Woke Math Aims to Teach Seattle Kids That ‘Western’ Math Is Racist
Jarrett Stepman /
The culture war is coming for you, whether you like it or not.
It’s no secret that American history is under attack. The ethos of leftist historian Howard Zinn has made inroads into classrooms across the country, as I explain in my book “The War on History: The Conspiracy to Rewrite America’s Past.”
But, lest you think you can escape the social justice dogmatism infecting the liberal arts, a story out of Seattle shows how social justice warriors will leave no stone unturned in their effort to fundamentally transform America.
Seattle Public Schools recently proposed adding ethnic studies into K-12 math curriculum.
That’s right—we’ve gone straight past “new math” and right to “woke math.”
The framework for this new curriculum exposes just how absurd woke math will be.
Among other things, it states that “Western” mathematics as “the only legitimate expression of mathematical identity and intelligence,” whatever that means, has been used to “disenfranchise people and communities of color.”
Robby Soave at Reason pointed out how empty and hollow the guidelines are:
It’s chock full of social justice jargon that sounds smart but is actually vapid. What does it mean to decode mathematical ‘beauty’ or ‘identify how the development of mathematics has been erased from learning in school?’ (Has it been erased? That seems like a problem for history class.)
The guidance says it will ‘re-humanize mathematics through experiential learning’ and facilitate learning ‘independently and interdependently.’ That’s a fancy way of saying almost nothing at all.
Of course, while this sort of curriculum will leave students with little actual knowledge or understanding of how to do math, it certainly serves a purpose: to radicalize young people with tales of oppression and groom them to be future social justice warriors themselves.
Among the many other lessons that the guidelines suggest are to “explain how math dictates economic oppression,” “identify economic movements that have led to liberation,” and ask the question, “How can we change mathematics from individualistic to collectivist thinking?”
Notice a pattern?
The message is that empowerment comes not from cultivating useful knowledge and abilities, but through social protest and community organizing.

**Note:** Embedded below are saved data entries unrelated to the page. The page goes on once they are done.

Lemma close_walk_mem_codes N m x r :
  all (fun a => a < N) (x :: r) -> size r < (2 * m).+1 ->
  {in step_lengths (x :: r), forall d, 1 < count_mem d (step_lengths (x :: r))} ->
  close_walk (x :: r) \in map decode_walk (walk_codes N m (size r).+1).
Proof.
move=> hlt hsize hrep; set ds := step_lengths (x :: r) in hrep.
have hsds : size ds = (size r).+1 by rewrite size_step_lengths.
set D := undup ds.
(* Every length is repeated among the at most 2m+1 steps, so at most m distinct lengths occur. *)
have hD : size D <= m by have := double_size_undup hrep; rewrite -/D hsds; lia.
set sts := pairmap step_to x (rcons r x).
set lens := D ++ nseq (m - size D) 0.
set slots := [seq index d D | d <- ds].
have lens_slots : [seq nth 0 lens i | i <- slots] = ds.
  rewrite -map_comp -[RHS]map_id; apply/eq_in_map => d hd /=.
  have hdD : d \in D by rewrite mem_undup.
  by rewrite nth_cat index_mem hdD nth_index.
apply/mapP; exists (x, unzip1 sts, lens, slots); last first.
  by rewrite /= lens_slots /ds /= -unzip2_pairmap_step_to zip_unzip walk_step_to.
have hxN : x < N by case/andP: hlt.
apply: allpairs_f; first apply: allpairs_f; first apply: allpairs_f.
- by rewrite mem_iota.
- by rewrite mem_words size_map size_pairmap size_rcons eqxx; apply/allP => -[].
- rewrite mem_words size_cat size_nseq subnKC // eqxx all_cat /=.
  apply/andP; split; apply/allP => y.
    rewrite mem_undup => hy; rewrite mem_iota /=.
    by move/allP: (step_lengths_lt hlt) => /(_ y hy).
  by move/nseqP => [-> _]; rewrite mem_iota; lia.
- rewrite mem_words size_map hsds eqxx; apply/allP => y /mapP[d hd ->].
  by rewrite mem_iota /= (leq_trans _ hD) // index_mem mem_undup.
Qed.
(* For every integer $d\ge 3$, the space $\mathcal P_d$ is path connected.
   Context: A polynomial knot is a map $\phi:\mathbb R\to\mathbb R^3$ with real polynomial components which is a smooth embedding ($\phi$ injective and $\phi'(t)\ne0$ for all $t$). For $d\ge2$, $\mathcal A_d$ is the set of polynomial maps $t\mapsto(f(t),g(t),h(t))$ with $\deg f\le d-2$, $\deg g\le d-1$, $\deg h\le d$, topologized via the bijection $\eta:\mathcal A_d\to\mathbb R^{3d}$ sending $(f,g,h)$ to the vector $(a_0,\dots,a_{d-2},b_0,\dots,b_{d-1},c_0,\dots,c_d)$ of coefficients of $f=\sum a_it^i$, $g=\sum b_it^i$, $h=\sum c_it^i$ (Euclidean topology). The zero polynomial has degree $-\infty$. $\mathcal P_d$ is the subspace of $\mathcal A_d$ consisting of polynomial knots $(f,g,h)$ with $\deg f<\deg g<\deg h\le d$. *)

From Stdlib Require Import Reals.
Open Scope R_scope.

(* A coefficient sequence; only indices 0..n are meaningful for a
   polynomial of degree <= n. *)
Definition coefs := nat -> R.

(* A point of A_d: coefficient sequences (a, b, c) of (f, g, h), where only
   a_0..a_{d-2}, b_0..b_{d-1}, c_0..c_d are meaningful (the bijection eta). *)
Definition ptA := (coefs * coefs * coefs)%type.

Definition peval (a : coefs) (n : nat) (t : R) : R :=
  sum_f_R0 (fun i => a i * t ^ i) n.

(* Degree of sum_{i=0}^n a_i t^i; None stands for -infinity (zero polynomial). *)
Fixpoint pdeg (a : coefs) (n : nat) : option nat :=
  match n with
  | O => if Req_EM_T (a O) 0 then None else Some O
  | S m => if Req_EM_T (a (S m)) 0 then pdeg a m else Some (S m)
  end.

Definition deg_lt (x y : option nat) : Prop :=
  match x, y with
  | _, None => False
  | None, Some _ => True
  | Some i, Some j => (i < j)%nat
  end.

Definition deg_le (x : option nat) (d : nat) : Prop :=
  match x with None => True | Some i => (i <= d)%nat end.

Definition fA (d : nat) (p : ptA) : R -> R := let '(a, _, _) := p in peval a (d - 2).
Definition gA (d : nat) (p : ptA) : R -> R := let '(_, b, _) := p in peval b (d - 1).
Definition hA (d : nat) (p : ptA) : R -> R := let '(_, _, c) := p in peval c d.

Definition poly_knot (d : nat) (p : ptA) : Prop :=
  (forall t1 t2, fA d p t1 = fA d p t2 -> gA d p t1 = gA d p t2 ->
                 hA d p t1 = hA d p t2 -> t1 = t2) /\
  (forall t, ~ (derivable_pt_lim (fA d p) t 0 /\
                derivable_pt_lim (gA d p) t 0 /\
                derivable_pt_lim (hA d p) t 0)).

Definition inPd (d : nat) (p : ptA) : Prop :=
  let '(a, b, c) := p in
  poly_knot d p /\
  deg_lt (pdeg a (d - 2)) (pdeg b (d - 1)) /\
  deg_lt (pdeg b (d - 1)) (pdeg c d) /\
  deg_le (pdeg c d) d.

(* Equality of points of A_d (equality of their images under eta). *)
Definition eqA (d : nat) (p q : ptA) : Prop :=
  let '(a, b, c) := p in let '(a', b', c') := q in
  (forall i, (i <= d - 2)%nat -> a i = a' i) /\
  (forall i, (i <= d - 1)%nat -> b i = b' i) /\
  (forall i, (i <= d)%nat -> c i = c' i).
(* Let $B=2^{k_1}C_1\perp\cdots\perp2^{k_r}C_r\in\mathcal H_n(\mathfrak o)$ be a pre-optimal form, $B_1=2^{k_1}C_1\perp\cdots\perp2^{k_{r-1}}C_{r-1}$, $n_1=\deg B_1$, $n_2=\deg C_r$. (1) Let $n_2=1$. (1.1) If $n_1$ is even, then $\Delta(B)-\Delta(B_1)=k_r+2$ if $\mathrm{ord}(\det B_1)$ is odd; $=k_r+1$ if $\mathrm{ord}(\det B_1)$ is even and $\xi_{B_1}=0$; $=k_r$ if $\xi_{B_1}\ne0$. (1.2) If $n_1$ is odd, then $\Delta(B)-\Delta(B_1)=k_r$ if $\mathrm{ord}(\det B)$ is odd; $=k_r+1$ if $\mathrm{ord}(\det B)$ is even and $\xi_B=0$; $=k_r+2$ if $\xi_B\ne0$. (2) If $n_2=2$ and $C_r$ is unimodular diagonal, then $\Delta(B)=\Delta(B_1)+2k_r+2$. (3) If $C_r\in\frac12(S_2(\mathfrak o)_e\cap GL_2(\mathfrak o))$, then $\Delta(B)=\Delta(B_1)+2k_r$.
   Context: Let $F$ be a finite unramified extension of $\mathbb Q_2$ with ring of integers $\mathfrak o$, $\mathrm{ord}$ the valuation with $\mathrm{ord}(2)=1$, $\mathrm{ord}(0)=+\infty$. $\mathcal H_n(\mathfrak o)$ is the set of symmetric $B=(b_{ij})\in M_n(F)$ with $b_{ii}\in\mathfrak o$, $2b_{ij}\in\mathfrak o$. $\perp$ is block-diagonal sum. For nondegenerate $B$ of degree $n$: $D_B=(-4)^{[n/2]}\det B$; $\xi_B=1,-1,0$ according as $D_B\in F^{\times2}$, $F(\sqrt{D_B})/F$ unramified quadratic, or ramified; $\mathfrak D_B$ is the discriminant ideal of $F(\sqrt{D_B})/F$ (the unit ideal if $D_B$ is a square); $\Delta(B)=\mathrm{ord}(D_B)$ if $n$ is odd and $\Delta(B)=\mathrm{ord}(D_B)-\mathrm{ord}(\mathfrak D_B)+1-\xi_B^2$ if $n$ is even. For the empty matrix, $\det=1$, $\xi=1$, $\Delta=0$. $S_2(\mathfrak o)_e$: symmetric $2\times2$ matrices over $\mathfrak o$ with diagonal in $2\mathfrak o$; unimodular diagonal: diagonal with unit entries. Pre-optimal forms: $B=2^{k_1}C_1\perp\cdots\perp2^{k_r}C_r$ with $k_i\ge0$, each $C_i$ unimodular diagonal or in $\frac12(S_2(\mathfrak o)_e\cap GL_2(\mathfrak o))$; $B^{[j]}=2^{k_1}C_1\perp\cdots\perp2^{k_j}C_j$; $\mathcal D_m=\{j:k_j=m,C_j\text{ diagonal}\}$, $\mathcal E_m=\{j:k_j=m,C_j\text{ not diagonal}\}$. Pre-optimal means: (PO1) $\sum_{j\in\mathcal D_m}\deg C_j\le2$ and $\mathcal E_m$ is a (possibly empty) set of consecutive integers, for each $m$; (PO2) for $i<j$: $i\in\mathcal D_{m_1},j\in\mathcal D_{m_2}\Rightarrow m_1\le m_2$; $i\in\mathcal E_{m_1},j\in\mathcal E_{m_2}\Rightarrow m_1\le m_2$; $i\in\mathcal D_{m_1},j\in\mathcal E_{m_2}\Rightarrow m_1\le m_2-1$; $i\in\mathcal E_{m_1},j\in\mathcal D_{m_2}\Rightarrow m_1\le m_2+1$; (PO3) if $C_i$ is unimodular diagonal of degree 2 then $i\ge2$ and either ($\deg B^{[i]}$ even and $\xi_{B^{[i-1]}}=\xi_{B^{[i]}}=0$) or ($\deg B^{[i-1]}$ odd and $\mathrm{ord}\det B^{[i-1]}+k_i$ even); (PO4) if $k_i=k_{i-1}-1$, $C_i$ diagonal, $C_{i-1}$ not diagonal, then $\deg C_i=2$, or $\deg C_i=1$ and either ($\deg B^{[i]}$ and $\mathrm{ord}\det B^{[i]}$ even) or ($\deg B^{[i]}$ odd and $\xi_{B^{[i-1]}}=0$); (PO5) if $C_i$ diagonal, $C_{i+1}$ not diagonal, $k_i=k_{i+1}-1$, then $\deg C_i=1$ and either ($\deg B^{[i]}$ even and $\mathrm{ord}\det B^{[i]}$ odd) or ($\deg B^{[i]}$ odd and $\xi_{B^{[i-1]}}\ne0$ if $i\ge2$); (PO6) if $\deg B^{[i]}$ even, $C_i,C_{i+1}$ unimodular diagonal, $k_{i+1}=k_i+1$, then $\xi_{B^{[i]}}=0$. *)

From HB Require Import structures.
From mathcomp Require Import all_boot all_order all_algebra.
From Stdlib Require Import ClassicalEpsilon.
Set Implicit Arguments. Unset Strict Implicit. Unset Printing Implicit Defensive.
Import Order.TTheory GRing.Theory Num.Theory.
Local Open Scope ring_scope.

Section Local2adic.
Variables (F : fieldType) (v : F -> int).

(* x in the valuation ring o  (ord 0 = +oo) *)
Definition integ (x : F) : bool := (x == 0) || (0 <= v x).
Definition unitb (x : F) : bool := (x != 0) && (v x == 0).

(* F together with ord is a complete discretely valued field with uniformizer 2
   (ord(2) = 1) and finite residue field o/2o; these are exactly the finite
   unramified extensions of Q_2. *)
Record unram2adic : Prop := Unram2adic {
  two_neq0 : (2%:R : F) != 0;
  v_mul : forall x y, x != 0 -> y != 0 -> v (x * y) = v x + v y;
  v_add : forall x y, x != 0 -> y != 0 -> x + y != 0 ->
          Num.min (v x) (v y) <= v (x + y);
  v_two : v 2%:R = 1;
  residue_finite : exists s : seq F, forall x, integ x ->
          exists2 y, y \in s & (x == y) || (1 <= v (x - y));
  complete : forall u : nat -> F,
     (forall e : int, exists N, forall m n, (N <= m)%N -> (N <= n)%N ->
         (u m == u n) || (e <= v (u m - u n))) ->
     exists L, forall e : int, exists N, forall n, (N <= n)%N ->
         (u n == L) || (e <= v (u n - L))
}.

Definition oddz (z : int) : bool := odd `|z|%N.

Definition pb (P : Prop) : bool := if excluded_middle_informative P then true else false.
Lemma pbP (P : Prop) : P -> pb P.
Proof. by rewrite /pb; case: excluded_middle_informative. Qed.

Definition is_square (D : F) : Prop := exists y : F, y * y = D.

(* The algebra F(sqrt D) = F[X]/(X^2 - D), elements a + b sqrt D as pairs (a,b). *)
Definition addK (x y : F * F) : F * F := (x.1 + y.1, x.2 + y.2).
Definition mulK (D : F) (x y : F * F) : F * F :=
  (x.1 * y.1 + D * x.2 * y.2, x.1 * y.2 + x.2 * y.1).
Definition evalK (D : F) (p : {poly F}) (x : F * F) : F * F :=
  foldr (fun c acc => addK (c, 0) (mulK D acc x)) (0, 0) p.
Definition intK (D : F) (x : F * F) : Prop :=
  exists p : {poly F}, p \is monic /\ (forall i, integ p`_i) /\ evalK D p x = (0, 0).
Definition trK (x : F * F) : F := 2%:R * x.1.
Definition detTr (D : F) (x1 x2 : F * F) : F :=
  trK (mulK D x1 x1) * trK (mulK D x2 x2) - trK (mulK D x1 x2) ^+ 2.
Definition discset (D : F) (n : nat) : Prop :=
  exists x1 x2, intK D x1 /\ intK D x2 /\ detTr D x1 x2 != 0 /\ v (detTr D x1 x2) = n%:Z.

Lemma discset_ex (D : F) : (exists n, discset D n) -> exists n, pb (discset D n).
Proof. by case=> n Hn; exists n; apply: pbP. Qed.

(* ord of the discriminant ideal of F(sqrt D)/F : the ideal generated by all the
   discriminants d(x1,x2) of bases contained in O_K, i.e. the minimal ord;
   the unit ideal if D is a square. *)
Definition ordDisc (D : F) : nat :=
  if pb (is_square D) then 0%N else
  match excluded_middle_informative (exists n, discset D n) with
  | left H => ex_minn (discset_ex H)
  | right _ => 0%N
  end.

(* xi : 1 if square, -1 if F(sqrt D)/F unramified quadratic (discriminant ideal
   is the unit ideal), 0 if ramified *)
Definition xi (D : F) : int :=
  if pb (is_square D) then 1 else if ordDisc D == 0%N then -1 else 0.

Definition DB n (M : 'M[F]_n) : F := (-4) ^+ (n./2) * \det M.
Definition xiB n (M : 'M[F]_n) : int := xi (DB M).
Definition Delta n (M : 'M[F]_n) : int :=
  if odd n then v (DB M)
  else v (DB M) - (ordDisc (DB M))%:Z + 1 - (xiB M) ^+ 2.

Definition unimod_diag n (M : 'M[F]_n) : bool :=
  [forall i, forall j, (i != j) ==> (M i j == 0)] && [forall i, unitb (M i i)].
(* M in 1/2 (S_2(o)_e \cap GL_2(o)) *)
Definition half_even_unimod n (M : 'M[F]_n) : bool :=
  (n == 2)%N && [forall i, forall j, (M i j == M j i) && integ (2%:R * M i j)]
  && [forall i, integ (M i i)] && unitb (\det (2%:R *: M)).

(* block data: block i (0-based) is 2^(k i) C i of size d i *)
Fixpoint dsum (d : nat -> nat) (j : nat) : nat :=
  match j with 0 => 0%N | j'.+1 => (dsum d j' + d j')%N end.

Fixpoint Bpre (d k : nat -> nat) (C : forall i, 'M[F]_(d i)) (j : nat)
  : 'M[F]_(dsum d j) :=
  match j return 'M[F]_(dsum d j) with
  | 0 => 0
  | j'.+1 => block_mx (Bpre k C j') 0 0 ((2%:R ^+ k j') *: C j')
  end.

(* Pre-optimality of 2^{k_0}C_0 _|_ ... _|_ 2^{k_{N-1}}C_{N-1}; paper index i = our i+1,
   paper B^[i] = Bpre (i+1) *)
Definition preoptimal (N : nat) (d k : nat -> nat) (C : forall i, 'M[F]_(d i)) : Prop :=
  let dg i := unimod_diag (C i) in
  let B j := Bpre k C j in
  (forall i, (i < N)%N -> (0 < d i)%N /\ (dg i || half_even_unimod (C i))) /\
  (forall m : nat,
     (\sum_(i < N | (k i == m) && dg i) d i <= 2)%N /\
     (forall i j l, (i <= j <= l)%N -> (l < N)%N ->
        k i = m -> ~~ dg i -> k l = m -> ~~ dg l -> k j = m /\ ~~ dg j)) /\
  (forall i j, (i < j < N)%N ->
     (dg i -> dg j -> (k i <= k j)%N) /\
     (~~ dg i -> ~~ dg j -> (k i <= k j)%N) /\
     (dg i -> ~~ dg j -> (k i + 1 <= k j)%N) /\
     (~~ dg i -> dg j -> (k i <= k j + 1)%N)) /\
  (forall i, (i < N)%N -> dg i -> d i = 2%N ->
     (1 <= i)%N /\
     ((~~ odd (dsum d i.+1) /\ xiB (B i) = 0 /\ xiB (B i.+1) = 0) \/
      (odd (dsum d i) /\ ~~ oddz (v (\det (B i)) + (k i)%:Z)))) /\
  (forall i, (1 <= i)%N -> (i < N)%N -> k (i.-1) = (k i).+1 -> dg i -> ~~ dg (i.-1) ->
     d i = 2%N \/
     (d i = 1%N /\
      ((~~ odd (dsum d i.+1) /\ ~~ oddz (v (\det (B i.+1)))) \/
       (odd (dsum d i.+1) /\ xiB (B i) = 0)))) /\
  (forall i, (i.+1 < N)%N -> dg i -> ~~ dg i.+1 -> k i.+1 = (k i).+1 ->
     d i = 1%N /\
     ((~~ odd (dsum d i.+1) /\ oddz (v (\det (B i.+1)))) \/
      (odd (dsum d i.+1) /\ ((1 <= i)%N -> xiB (B i) != 0)))) /\
  (forall i, (i.+1 < N)%N -> ~~ odd (dsum d i.+1) -> dg i -> dg i.+1 ->
     k i.+1 = (k i).+1 -> xiB (B i.+1) = 0).

End Local2adic.
Arguments preoptimal [F] v N d k C.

Woke math is simply the latest and perhaps silliest expression of a larger agenda to turn young Americans against their country and fellow citizens, to fill them with grievance, and convince them that their key to a perfect future is through socialism.
Of course, it may be a challenge to build a green socialist utopia of high-speed rail without basic math or engineering skills, but those are mere details.
Regardless of the problems with woke math, the situation in Seattle shows why policies like school choice are so important. Parents need tools to pressure their local public schools if they are failing, or worse, trying to indoctrinate their children with ideas they oppose.
Undeniably, many of America’s institutions, starting with higher education but now trickling down through K-12, are being used to un-assimilate Americans, to boil down every issue in life to cleavages in ethnic identity rather than differences of opinion in a complex world.
It’s a sign of our times that even math is getting swept up in the larger cultural moment, but it’s also a warning: There is no escape, even behind the hard realities of numbers and science.